- [Work task]: Of all the lines in the entries below, give again exactly those starting at the line containing "nat) : forall" and ending at the line containing "(* For an ordinal", both ends included, and no others.

Stored data:

= Beginning of Section =

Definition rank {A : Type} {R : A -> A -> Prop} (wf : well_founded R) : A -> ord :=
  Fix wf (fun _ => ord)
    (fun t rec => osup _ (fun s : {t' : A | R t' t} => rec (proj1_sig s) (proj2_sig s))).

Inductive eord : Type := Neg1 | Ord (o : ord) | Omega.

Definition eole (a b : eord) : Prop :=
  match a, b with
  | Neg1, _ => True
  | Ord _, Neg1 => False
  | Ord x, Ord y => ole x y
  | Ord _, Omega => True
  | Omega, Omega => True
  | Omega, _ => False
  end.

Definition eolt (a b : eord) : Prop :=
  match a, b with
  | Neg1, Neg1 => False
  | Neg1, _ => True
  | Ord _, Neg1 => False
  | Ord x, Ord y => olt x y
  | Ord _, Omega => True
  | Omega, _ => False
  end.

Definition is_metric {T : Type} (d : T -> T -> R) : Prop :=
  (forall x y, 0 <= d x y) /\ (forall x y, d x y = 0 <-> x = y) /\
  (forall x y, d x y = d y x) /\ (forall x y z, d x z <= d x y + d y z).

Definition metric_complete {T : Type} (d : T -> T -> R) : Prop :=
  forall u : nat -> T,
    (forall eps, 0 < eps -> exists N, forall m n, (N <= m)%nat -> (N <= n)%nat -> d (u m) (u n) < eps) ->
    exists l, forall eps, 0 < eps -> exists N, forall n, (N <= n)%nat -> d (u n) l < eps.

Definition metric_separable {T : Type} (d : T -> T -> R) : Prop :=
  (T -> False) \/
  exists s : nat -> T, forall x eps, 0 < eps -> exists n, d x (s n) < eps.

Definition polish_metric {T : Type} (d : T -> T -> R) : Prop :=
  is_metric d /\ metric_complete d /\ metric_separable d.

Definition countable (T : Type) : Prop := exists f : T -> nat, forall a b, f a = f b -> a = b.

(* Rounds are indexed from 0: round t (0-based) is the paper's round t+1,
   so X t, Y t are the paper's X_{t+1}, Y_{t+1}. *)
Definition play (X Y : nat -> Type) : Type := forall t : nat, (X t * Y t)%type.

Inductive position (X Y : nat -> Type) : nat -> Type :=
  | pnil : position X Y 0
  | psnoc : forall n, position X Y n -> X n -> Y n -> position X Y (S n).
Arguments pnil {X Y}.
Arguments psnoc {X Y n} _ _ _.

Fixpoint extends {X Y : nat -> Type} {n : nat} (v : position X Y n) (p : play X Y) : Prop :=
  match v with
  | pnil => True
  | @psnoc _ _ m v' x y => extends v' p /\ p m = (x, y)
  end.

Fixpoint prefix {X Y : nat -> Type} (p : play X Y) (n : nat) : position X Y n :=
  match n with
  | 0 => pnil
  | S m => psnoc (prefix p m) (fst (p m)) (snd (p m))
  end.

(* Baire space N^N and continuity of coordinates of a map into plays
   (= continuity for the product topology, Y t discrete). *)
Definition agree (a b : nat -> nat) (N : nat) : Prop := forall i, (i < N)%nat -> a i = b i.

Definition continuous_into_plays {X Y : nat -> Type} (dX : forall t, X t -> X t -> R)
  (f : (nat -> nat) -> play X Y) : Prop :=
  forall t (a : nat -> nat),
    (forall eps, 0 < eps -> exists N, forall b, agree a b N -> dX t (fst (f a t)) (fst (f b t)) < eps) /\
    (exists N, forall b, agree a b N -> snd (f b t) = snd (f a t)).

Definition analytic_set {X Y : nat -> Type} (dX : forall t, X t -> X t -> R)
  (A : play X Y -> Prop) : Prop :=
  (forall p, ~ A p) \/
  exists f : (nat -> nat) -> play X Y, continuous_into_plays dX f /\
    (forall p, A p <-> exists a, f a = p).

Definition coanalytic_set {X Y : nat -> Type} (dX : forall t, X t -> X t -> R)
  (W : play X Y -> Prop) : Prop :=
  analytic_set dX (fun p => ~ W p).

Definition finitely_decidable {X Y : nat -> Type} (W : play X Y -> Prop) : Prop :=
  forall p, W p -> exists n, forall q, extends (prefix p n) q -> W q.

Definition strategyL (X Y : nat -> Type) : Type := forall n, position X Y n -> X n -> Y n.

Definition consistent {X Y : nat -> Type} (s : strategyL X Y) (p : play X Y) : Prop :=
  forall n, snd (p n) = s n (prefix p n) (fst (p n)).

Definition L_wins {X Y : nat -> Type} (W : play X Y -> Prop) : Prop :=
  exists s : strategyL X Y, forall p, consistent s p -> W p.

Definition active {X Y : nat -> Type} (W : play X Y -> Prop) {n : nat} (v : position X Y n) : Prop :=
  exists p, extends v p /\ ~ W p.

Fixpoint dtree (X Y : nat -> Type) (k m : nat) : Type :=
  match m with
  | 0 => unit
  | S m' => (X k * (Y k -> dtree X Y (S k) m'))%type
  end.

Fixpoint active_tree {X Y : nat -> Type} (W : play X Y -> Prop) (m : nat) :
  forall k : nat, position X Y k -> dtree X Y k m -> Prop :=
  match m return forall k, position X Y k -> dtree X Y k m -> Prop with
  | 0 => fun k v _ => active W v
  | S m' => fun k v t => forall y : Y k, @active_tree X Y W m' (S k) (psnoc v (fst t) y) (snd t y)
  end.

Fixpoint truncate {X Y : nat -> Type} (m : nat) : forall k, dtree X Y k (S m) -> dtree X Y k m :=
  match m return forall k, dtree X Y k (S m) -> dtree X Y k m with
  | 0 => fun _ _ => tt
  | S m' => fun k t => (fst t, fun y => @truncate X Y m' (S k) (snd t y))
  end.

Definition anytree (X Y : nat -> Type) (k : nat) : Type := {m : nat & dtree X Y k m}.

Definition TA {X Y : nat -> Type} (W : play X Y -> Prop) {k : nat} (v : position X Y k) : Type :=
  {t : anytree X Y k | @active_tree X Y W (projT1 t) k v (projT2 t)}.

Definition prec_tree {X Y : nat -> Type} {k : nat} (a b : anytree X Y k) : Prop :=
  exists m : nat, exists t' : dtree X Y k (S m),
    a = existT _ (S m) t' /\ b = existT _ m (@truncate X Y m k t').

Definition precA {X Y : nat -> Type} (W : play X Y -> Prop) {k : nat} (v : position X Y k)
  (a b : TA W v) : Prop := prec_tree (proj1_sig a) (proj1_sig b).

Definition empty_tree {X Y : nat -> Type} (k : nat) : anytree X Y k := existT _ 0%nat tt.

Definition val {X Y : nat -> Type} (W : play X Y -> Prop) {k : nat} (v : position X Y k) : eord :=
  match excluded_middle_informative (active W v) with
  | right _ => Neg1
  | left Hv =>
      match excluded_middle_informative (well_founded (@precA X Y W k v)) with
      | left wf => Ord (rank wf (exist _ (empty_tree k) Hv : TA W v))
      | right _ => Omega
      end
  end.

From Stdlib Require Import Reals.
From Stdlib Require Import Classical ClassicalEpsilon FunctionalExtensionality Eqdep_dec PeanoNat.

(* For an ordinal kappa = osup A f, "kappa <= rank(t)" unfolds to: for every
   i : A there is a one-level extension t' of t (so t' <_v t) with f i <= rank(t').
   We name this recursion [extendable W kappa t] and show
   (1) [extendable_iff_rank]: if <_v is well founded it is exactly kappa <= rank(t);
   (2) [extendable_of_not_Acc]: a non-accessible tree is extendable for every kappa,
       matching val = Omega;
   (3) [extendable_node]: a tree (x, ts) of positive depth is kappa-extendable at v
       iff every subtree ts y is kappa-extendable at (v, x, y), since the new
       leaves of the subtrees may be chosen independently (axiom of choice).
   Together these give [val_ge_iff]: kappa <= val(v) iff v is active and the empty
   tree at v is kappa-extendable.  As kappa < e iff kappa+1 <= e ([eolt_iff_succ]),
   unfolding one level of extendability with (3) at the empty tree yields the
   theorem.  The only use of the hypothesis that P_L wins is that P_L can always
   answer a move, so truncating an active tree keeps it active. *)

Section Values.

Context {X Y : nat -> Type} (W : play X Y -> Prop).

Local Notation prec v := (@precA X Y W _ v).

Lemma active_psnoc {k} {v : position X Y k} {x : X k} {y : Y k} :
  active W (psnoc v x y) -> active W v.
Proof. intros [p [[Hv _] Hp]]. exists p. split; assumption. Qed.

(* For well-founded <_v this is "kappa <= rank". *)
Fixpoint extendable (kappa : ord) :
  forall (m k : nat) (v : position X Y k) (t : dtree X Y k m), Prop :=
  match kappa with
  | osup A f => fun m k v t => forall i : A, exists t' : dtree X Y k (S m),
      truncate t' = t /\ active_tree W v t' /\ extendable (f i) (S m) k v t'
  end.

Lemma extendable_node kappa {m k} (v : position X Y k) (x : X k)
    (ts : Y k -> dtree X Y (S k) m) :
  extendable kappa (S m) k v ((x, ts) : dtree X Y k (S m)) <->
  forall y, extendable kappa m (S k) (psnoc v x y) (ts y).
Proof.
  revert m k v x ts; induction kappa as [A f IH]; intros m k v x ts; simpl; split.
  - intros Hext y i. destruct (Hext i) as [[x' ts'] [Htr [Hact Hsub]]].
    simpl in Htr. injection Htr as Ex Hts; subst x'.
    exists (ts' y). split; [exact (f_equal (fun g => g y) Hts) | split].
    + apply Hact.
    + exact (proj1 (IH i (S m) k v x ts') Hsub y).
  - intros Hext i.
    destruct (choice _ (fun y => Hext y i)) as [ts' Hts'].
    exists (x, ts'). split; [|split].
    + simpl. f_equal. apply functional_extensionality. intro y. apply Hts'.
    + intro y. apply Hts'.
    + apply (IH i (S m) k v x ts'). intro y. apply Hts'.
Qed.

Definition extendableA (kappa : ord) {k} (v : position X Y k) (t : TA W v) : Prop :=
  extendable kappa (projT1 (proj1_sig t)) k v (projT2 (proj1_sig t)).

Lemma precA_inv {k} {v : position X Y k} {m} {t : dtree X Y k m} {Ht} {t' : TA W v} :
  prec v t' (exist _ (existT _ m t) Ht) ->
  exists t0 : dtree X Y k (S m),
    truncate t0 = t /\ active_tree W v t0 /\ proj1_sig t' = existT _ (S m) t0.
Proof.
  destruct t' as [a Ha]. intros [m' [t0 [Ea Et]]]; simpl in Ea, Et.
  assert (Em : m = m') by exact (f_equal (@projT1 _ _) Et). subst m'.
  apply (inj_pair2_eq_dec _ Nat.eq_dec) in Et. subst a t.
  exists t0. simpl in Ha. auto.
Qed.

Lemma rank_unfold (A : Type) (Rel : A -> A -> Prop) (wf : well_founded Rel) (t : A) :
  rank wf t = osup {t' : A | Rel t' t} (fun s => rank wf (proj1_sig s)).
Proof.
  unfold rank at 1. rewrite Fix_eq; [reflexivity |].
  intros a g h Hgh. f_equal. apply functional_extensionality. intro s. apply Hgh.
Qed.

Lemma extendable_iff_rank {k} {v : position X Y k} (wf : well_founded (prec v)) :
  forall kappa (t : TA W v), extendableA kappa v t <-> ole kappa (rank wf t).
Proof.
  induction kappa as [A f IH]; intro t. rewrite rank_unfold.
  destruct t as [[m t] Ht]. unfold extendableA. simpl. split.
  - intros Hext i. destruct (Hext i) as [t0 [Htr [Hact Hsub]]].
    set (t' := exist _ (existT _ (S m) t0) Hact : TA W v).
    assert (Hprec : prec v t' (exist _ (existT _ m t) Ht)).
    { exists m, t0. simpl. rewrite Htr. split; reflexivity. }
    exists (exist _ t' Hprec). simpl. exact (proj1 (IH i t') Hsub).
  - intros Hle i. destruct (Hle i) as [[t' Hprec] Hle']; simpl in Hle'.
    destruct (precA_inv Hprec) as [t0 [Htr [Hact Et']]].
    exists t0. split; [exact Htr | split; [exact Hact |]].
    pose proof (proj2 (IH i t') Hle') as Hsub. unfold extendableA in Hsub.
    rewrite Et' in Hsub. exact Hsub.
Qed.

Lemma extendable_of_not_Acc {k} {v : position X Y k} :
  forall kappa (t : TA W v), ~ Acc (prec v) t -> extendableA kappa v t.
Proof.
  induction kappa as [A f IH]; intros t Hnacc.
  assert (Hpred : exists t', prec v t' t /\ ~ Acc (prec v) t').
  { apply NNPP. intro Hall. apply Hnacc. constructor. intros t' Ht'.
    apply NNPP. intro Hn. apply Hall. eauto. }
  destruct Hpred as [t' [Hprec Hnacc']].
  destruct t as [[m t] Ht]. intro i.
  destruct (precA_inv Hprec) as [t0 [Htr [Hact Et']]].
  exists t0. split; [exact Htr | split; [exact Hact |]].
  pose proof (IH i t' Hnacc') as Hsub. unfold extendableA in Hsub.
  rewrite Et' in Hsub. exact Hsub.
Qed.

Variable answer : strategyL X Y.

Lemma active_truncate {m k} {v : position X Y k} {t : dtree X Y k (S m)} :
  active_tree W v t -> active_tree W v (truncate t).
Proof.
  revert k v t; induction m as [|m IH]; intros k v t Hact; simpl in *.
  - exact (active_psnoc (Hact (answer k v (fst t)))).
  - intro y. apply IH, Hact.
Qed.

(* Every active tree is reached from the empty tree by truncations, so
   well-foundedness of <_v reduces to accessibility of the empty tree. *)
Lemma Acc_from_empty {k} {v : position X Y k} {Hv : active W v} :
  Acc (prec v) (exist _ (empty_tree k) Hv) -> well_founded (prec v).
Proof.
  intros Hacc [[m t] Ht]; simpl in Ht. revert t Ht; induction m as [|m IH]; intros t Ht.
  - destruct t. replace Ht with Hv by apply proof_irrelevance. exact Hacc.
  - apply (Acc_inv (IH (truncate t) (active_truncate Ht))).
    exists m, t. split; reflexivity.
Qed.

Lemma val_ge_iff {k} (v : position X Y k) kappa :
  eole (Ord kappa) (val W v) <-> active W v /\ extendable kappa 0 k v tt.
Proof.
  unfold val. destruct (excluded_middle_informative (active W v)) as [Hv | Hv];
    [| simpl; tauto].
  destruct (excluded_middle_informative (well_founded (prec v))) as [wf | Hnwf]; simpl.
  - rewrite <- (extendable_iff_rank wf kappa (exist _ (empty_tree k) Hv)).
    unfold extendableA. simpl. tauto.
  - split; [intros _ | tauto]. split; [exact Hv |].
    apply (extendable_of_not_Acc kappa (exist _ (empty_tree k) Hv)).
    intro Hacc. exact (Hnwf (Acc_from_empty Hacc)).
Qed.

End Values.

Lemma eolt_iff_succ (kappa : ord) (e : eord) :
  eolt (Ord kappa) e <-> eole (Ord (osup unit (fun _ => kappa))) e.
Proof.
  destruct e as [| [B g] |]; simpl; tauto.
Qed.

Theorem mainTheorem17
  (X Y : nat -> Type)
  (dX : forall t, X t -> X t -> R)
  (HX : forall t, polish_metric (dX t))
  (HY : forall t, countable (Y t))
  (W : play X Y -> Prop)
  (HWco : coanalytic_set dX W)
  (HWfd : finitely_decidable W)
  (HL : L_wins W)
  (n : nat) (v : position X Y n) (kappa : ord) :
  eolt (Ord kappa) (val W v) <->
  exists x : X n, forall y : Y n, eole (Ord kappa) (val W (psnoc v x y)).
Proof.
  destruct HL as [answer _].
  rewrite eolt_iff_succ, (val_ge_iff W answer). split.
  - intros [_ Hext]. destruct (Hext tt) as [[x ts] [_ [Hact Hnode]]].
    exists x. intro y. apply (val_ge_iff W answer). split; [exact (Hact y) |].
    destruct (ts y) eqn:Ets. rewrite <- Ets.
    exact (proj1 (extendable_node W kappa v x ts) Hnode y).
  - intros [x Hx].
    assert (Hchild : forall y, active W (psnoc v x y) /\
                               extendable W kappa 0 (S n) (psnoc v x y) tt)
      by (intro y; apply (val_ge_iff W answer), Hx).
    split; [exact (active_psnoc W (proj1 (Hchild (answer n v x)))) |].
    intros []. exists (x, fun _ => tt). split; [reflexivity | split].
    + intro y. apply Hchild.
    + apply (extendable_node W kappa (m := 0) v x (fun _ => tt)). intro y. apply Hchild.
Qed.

= End of Section =

- [Your solution]:
Fixpoint truncate {X Y : nat -> Type} (m : nat) : forall k, dtree X Y k (S m) -> dtree X Y k m :=
  match m return forall k, dtree X Y k (S m) -> dtree X Y k m with
  | 0 => fun _ _ => tt
  | S m' => fun k t => (fst t, fun y => @truncate X Y m' (S k) (snd t y))
  end.

Definition anytree (X Y : nat -> Type) (k : nat) : Type := {m : nat & dtree X Y k m}.

Definition TA {X Y : nat -> Type} (W : play X Y -> Prop) {k : nat} (v : position X Y k) : Type :=
  {t : anytree X Y k | @active_tree X Y W (projT1 t) k v (projT2 t)}.

Definition prec_tree {X Y : nat -> Type} {k : nat} (a b : anytree X Y k) : Prop :=
  exists m : nat, exists t' : dtree X Y k (S m),
    a = existT _ (S m) t' /\ b = existT _ m (@truncate X Y m k t').

Definition precA {X Y : nat -> Type} (W : play X Y -> Prop) {k : nat} (v : position X Y k)
  (a b : TA W v) : Prop := prec_tree (proj1_sig a) (proj1_sig b).

Definition empty_tree {X Y : nat -> Type} (k : nat) : anytree X Y k := existT _ 0%nat tt.

Definition val {X Y : nat -> Type} (W : play X Y -> Prop) {k : nat} (v : position X Y k) : eord :=
  match excluded_middle_informative (active W v) with
  | right _ => Neg1
  | left Hv =>
      match excluded_middle_informative (well_founded (@precA X Y W k v)) with
      | left wf => Ord (rank wf (exist _ (empty_tree k) Hv : TA W v))
      | right _ => Omega
      end
  end.

From Stdlib Require Import Reals.
From Stdlib Require Import Classical ClassicalEpsilon FunctionalExtensionality Eqdep_dec PeanoNat.

(* For an ordinal kappa = osup A f, "kappa <= rank(t)" unfolds to: for every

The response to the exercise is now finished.